From the records below, copy out exactly the lines from the one containing "(F x)_n only" to the one containing "Lemma rate_ge0 v l : 0 <= rate R v l.", both included. Add nothing else.

Data supplied:
[Start of section]

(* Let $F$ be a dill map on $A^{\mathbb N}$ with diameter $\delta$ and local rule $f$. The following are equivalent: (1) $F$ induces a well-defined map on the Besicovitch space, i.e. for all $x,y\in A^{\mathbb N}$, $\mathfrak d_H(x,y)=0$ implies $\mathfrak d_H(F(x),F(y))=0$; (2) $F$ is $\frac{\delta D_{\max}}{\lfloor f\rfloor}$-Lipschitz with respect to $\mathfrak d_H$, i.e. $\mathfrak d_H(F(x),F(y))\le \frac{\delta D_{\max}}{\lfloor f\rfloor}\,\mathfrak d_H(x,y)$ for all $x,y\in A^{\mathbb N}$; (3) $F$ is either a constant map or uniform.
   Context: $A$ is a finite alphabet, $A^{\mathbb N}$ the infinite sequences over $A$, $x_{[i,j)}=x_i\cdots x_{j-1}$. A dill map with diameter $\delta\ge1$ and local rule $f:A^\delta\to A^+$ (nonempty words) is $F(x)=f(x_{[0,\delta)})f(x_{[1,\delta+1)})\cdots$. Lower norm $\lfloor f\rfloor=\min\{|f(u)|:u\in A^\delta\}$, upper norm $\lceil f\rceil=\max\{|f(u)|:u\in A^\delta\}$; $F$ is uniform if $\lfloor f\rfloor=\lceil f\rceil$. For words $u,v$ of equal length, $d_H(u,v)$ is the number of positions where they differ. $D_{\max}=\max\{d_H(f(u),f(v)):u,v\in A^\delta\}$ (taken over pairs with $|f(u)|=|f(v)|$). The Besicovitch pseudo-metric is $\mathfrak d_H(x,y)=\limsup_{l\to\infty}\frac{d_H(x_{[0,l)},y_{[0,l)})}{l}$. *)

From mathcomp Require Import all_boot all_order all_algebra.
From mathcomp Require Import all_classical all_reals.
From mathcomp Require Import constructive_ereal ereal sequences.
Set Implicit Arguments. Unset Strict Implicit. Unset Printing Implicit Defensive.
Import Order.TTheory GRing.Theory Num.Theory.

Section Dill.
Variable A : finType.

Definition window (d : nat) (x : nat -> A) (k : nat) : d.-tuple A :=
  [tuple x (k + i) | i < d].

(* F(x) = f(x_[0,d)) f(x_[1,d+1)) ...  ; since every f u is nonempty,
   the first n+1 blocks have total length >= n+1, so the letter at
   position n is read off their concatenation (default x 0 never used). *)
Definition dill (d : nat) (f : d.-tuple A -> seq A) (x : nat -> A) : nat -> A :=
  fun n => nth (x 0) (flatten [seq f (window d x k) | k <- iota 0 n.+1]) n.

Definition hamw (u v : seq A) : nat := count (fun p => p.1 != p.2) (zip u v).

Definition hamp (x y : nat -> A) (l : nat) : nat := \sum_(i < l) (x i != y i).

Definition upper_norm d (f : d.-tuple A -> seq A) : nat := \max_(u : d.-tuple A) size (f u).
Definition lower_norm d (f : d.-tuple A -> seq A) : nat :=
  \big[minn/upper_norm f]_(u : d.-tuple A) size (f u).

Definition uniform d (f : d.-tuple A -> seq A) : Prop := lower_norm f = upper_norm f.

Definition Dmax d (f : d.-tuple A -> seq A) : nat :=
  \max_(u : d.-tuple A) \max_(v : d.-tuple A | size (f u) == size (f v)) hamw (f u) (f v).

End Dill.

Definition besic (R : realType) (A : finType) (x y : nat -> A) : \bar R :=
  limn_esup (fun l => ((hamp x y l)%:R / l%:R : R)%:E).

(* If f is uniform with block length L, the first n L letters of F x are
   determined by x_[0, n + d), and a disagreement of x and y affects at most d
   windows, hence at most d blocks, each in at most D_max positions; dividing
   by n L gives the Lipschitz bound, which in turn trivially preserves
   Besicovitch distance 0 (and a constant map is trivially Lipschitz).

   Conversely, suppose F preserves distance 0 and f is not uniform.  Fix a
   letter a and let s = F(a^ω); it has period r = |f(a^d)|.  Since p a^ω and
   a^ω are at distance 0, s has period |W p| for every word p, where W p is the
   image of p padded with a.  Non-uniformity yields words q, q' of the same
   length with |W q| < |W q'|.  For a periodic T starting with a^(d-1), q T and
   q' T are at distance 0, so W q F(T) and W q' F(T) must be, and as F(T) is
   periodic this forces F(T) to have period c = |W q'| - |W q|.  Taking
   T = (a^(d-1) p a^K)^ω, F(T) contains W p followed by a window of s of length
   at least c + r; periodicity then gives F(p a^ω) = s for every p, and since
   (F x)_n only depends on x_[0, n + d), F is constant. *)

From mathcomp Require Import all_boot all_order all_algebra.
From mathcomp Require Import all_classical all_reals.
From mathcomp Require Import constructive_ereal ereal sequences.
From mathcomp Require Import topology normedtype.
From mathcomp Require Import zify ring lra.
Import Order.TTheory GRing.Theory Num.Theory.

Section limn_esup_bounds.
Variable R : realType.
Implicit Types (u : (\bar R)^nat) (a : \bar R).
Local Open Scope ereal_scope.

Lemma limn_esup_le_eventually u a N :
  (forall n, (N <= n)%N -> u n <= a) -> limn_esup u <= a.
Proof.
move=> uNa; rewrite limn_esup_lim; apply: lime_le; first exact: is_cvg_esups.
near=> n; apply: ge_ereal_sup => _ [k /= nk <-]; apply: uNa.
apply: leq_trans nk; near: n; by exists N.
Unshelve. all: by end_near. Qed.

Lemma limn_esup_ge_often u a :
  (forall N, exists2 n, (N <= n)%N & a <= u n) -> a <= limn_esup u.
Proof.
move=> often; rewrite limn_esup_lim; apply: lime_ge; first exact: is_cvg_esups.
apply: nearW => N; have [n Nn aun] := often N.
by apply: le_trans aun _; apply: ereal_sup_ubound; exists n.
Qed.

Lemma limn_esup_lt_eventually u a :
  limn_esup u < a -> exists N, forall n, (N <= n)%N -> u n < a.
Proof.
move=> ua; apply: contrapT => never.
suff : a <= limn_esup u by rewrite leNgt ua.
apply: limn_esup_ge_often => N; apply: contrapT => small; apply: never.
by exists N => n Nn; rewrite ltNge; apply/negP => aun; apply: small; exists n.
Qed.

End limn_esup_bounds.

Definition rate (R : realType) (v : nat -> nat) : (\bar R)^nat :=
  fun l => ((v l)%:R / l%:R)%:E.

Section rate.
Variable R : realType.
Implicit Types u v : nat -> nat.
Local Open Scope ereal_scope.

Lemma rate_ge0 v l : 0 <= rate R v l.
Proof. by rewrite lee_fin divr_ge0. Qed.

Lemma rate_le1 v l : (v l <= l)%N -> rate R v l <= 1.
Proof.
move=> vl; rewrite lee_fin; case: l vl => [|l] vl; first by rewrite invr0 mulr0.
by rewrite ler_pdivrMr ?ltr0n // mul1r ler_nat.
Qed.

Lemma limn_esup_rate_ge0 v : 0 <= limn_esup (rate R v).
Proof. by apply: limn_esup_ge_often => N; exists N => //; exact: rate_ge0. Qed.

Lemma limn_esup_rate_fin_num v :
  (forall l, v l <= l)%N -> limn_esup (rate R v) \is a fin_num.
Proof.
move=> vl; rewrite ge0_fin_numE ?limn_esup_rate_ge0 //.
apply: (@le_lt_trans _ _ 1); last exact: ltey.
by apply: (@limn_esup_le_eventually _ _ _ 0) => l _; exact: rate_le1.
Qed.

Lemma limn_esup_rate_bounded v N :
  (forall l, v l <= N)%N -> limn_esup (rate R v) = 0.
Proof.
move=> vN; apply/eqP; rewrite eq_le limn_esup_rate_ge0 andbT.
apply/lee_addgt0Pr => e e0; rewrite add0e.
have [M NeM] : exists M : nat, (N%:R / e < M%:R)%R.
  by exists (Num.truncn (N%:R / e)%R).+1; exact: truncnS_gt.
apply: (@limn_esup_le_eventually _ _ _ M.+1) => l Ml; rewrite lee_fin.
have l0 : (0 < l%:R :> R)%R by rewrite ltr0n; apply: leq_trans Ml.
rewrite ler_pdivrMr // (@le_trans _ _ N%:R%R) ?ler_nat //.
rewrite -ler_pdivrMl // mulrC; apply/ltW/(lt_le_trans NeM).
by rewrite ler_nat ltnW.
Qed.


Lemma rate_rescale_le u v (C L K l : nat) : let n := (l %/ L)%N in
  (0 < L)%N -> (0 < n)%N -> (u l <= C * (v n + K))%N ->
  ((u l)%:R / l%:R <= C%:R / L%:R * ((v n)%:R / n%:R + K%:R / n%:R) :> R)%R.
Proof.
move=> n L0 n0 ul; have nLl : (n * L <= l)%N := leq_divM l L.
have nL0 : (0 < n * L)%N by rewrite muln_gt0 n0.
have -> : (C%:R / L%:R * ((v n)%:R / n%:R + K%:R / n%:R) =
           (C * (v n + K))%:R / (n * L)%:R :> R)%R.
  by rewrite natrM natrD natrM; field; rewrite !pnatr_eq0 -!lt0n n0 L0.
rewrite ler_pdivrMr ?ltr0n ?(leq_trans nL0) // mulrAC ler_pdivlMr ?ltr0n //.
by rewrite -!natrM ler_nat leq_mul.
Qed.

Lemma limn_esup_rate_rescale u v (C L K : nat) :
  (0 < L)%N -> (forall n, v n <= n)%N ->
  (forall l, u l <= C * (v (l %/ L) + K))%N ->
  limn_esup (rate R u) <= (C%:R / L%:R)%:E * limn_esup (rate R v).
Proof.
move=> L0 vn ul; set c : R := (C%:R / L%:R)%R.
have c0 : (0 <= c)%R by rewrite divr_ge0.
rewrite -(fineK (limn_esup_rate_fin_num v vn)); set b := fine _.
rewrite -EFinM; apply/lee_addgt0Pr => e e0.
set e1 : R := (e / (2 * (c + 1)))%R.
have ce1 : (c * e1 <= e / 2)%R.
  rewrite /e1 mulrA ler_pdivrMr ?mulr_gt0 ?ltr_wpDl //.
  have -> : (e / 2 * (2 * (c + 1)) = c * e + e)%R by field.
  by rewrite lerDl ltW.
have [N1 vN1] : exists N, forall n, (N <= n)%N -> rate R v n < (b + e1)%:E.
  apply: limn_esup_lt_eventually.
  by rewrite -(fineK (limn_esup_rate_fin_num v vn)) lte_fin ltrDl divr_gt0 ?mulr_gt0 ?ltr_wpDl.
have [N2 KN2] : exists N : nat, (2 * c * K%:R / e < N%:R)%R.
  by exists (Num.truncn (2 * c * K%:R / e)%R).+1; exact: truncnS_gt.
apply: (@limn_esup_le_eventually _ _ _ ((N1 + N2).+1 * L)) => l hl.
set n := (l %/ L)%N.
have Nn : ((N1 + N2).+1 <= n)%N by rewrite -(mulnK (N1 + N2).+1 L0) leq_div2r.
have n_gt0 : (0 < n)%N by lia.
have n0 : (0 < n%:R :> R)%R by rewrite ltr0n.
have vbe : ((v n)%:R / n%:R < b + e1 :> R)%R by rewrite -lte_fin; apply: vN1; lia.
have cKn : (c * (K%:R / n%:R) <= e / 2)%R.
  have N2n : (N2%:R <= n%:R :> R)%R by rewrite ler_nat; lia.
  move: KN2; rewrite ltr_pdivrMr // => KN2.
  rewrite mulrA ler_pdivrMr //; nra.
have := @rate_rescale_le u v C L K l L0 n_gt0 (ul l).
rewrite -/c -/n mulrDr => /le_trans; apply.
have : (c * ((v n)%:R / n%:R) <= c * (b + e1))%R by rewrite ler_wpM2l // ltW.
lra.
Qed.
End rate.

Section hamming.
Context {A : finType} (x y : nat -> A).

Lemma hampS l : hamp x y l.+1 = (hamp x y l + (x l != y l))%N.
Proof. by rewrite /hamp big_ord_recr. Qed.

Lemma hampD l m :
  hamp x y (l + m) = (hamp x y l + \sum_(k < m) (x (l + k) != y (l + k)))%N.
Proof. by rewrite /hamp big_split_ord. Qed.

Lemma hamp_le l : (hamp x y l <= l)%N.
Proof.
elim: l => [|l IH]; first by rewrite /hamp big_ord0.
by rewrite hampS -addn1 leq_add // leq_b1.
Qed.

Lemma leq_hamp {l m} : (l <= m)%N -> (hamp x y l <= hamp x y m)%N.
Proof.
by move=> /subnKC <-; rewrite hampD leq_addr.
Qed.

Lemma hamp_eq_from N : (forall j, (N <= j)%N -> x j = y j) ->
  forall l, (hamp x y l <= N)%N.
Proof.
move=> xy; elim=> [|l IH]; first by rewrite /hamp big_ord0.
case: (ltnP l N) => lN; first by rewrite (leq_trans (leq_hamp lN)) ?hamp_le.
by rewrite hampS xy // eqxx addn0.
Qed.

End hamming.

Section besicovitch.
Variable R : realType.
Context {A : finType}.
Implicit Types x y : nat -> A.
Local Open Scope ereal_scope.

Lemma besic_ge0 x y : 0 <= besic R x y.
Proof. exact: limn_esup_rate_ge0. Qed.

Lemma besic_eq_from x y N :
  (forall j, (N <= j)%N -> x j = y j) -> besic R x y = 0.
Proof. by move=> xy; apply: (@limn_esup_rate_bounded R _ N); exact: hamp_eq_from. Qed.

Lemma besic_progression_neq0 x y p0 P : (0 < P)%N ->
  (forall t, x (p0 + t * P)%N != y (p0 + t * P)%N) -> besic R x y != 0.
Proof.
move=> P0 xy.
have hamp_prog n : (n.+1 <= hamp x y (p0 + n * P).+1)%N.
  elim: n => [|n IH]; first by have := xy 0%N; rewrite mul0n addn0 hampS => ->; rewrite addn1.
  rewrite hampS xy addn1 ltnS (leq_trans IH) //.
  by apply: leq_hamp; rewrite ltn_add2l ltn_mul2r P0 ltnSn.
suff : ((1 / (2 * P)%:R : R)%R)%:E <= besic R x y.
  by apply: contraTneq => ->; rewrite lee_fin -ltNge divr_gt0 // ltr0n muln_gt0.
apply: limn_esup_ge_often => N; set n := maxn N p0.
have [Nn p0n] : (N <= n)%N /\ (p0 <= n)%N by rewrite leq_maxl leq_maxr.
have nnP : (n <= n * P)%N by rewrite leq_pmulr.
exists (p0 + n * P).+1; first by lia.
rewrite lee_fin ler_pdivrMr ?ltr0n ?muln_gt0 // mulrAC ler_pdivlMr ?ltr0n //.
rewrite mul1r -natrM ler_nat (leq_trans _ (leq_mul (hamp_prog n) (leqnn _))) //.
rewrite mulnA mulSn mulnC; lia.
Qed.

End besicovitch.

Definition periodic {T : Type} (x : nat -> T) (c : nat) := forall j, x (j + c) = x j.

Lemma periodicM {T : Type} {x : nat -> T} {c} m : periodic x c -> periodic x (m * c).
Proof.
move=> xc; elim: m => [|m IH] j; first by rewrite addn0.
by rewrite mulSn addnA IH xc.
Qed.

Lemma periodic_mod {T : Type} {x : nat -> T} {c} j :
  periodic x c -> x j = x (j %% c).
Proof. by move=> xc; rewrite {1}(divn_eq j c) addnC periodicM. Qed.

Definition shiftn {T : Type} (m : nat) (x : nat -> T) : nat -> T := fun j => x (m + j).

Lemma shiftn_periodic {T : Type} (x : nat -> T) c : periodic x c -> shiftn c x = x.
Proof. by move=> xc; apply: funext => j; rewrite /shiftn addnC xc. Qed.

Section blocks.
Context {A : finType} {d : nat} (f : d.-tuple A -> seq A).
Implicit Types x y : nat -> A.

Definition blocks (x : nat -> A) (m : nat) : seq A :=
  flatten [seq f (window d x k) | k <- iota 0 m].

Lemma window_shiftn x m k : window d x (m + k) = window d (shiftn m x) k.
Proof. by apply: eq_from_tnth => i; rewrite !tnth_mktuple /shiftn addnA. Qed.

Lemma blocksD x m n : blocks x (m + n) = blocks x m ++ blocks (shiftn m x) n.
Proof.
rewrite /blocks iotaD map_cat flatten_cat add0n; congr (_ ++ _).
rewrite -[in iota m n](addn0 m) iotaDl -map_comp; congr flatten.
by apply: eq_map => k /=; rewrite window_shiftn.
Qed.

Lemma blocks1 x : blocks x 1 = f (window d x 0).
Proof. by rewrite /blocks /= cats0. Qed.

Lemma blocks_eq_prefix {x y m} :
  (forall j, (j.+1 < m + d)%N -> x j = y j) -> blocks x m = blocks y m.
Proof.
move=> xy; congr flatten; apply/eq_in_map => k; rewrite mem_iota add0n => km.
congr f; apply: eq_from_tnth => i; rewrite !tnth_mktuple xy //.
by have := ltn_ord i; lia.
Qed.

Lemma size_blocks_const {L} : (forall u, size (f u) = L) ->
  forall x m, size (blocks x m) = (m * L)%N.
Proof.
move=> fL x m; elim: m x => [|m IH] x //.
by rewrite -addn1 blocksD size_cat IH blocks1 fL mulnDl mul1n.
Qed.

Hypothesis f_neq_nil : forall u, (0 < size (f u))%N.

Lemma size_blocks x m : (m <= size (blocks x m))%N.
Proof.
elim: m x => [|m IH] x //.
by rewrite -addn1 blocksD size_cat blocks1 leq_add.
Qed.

[End of section]

Result:
   (F x)_n only depends on x_[0, n + d), F is constant. *)

From mathcomp Require Import all_boot all_order all_algebra.
From mathcomp Require Import all_classical all_reals.
From mathcomp Require Import constructive_ereal ereal sequences.
From mathcomp Require Import topology normedtype.
From mathcomp Require Import zify ring lra.
Import Order.TTheory GRing.Theory Num.Theory.

Section limn_esup_bounds.
Variable R : realType.
Implicit Types (u : (\bar R)^nat) (a : \bar R).
Local Open Scope ereal_scope.

Lemma limn_esup_le_eventually u a N :
  (forall n, (N <= n)%N -> u n <= a) -> limn_esup u <= a.
Proof.
move=> uNa; rewrite limn_esup_lim; apply: lime_le; first exact: is_cvg_esups.
near=> n; apply: ge_ereal_sup => _ [k /= nk <-]; apply: uNa.
apply: leq_trans nk; near: n; by exists N.
Unshelve. all: by end_near. Qed.

Lemma limn_esup_ge_often u a :
  (forall N, exists2 n, (N <= n)%N & a <= u n) -> a <= limn_esup u.
Proof.
move=> often; rewrite limn_esup_lim; apply: lime_ge; first exact: is_cvg_esups.
apply: nearW => N; have [n Nn aun] := often N.
by apply: le_trans aun _; apply: ereal_sup_ubound; exists n.
Qed.

Lemma limn_esup_lt_eventually u a :
  limn_esup u < a -> exists N, forall n, (N <= n)%N -> u n < a.
Proof.
move=> ua; apply: contrapT => never.
suff : a <= limn_esup u by rewrite leNgt ua.
apply: limn_esup_ge_often => N; apply: contrapT => small; apply: never.
by exists N => n Nn; rewrite ltNge; apply/negP => aun; apply: small; exists n.
Qed.

End limn_esup_bounds.

Definition rate (R : realType) (v : nat -> nat) : (\bar R)^nat :=
  fun l => ((v l)%:R / l%:R)%:E.

Section rate.
Variable R : realType.
Implicit Types u v : nat -> nat.
Local Open Scope ereal_scope.

Lemma rate_ge0 v l : 0 <= rate R v l.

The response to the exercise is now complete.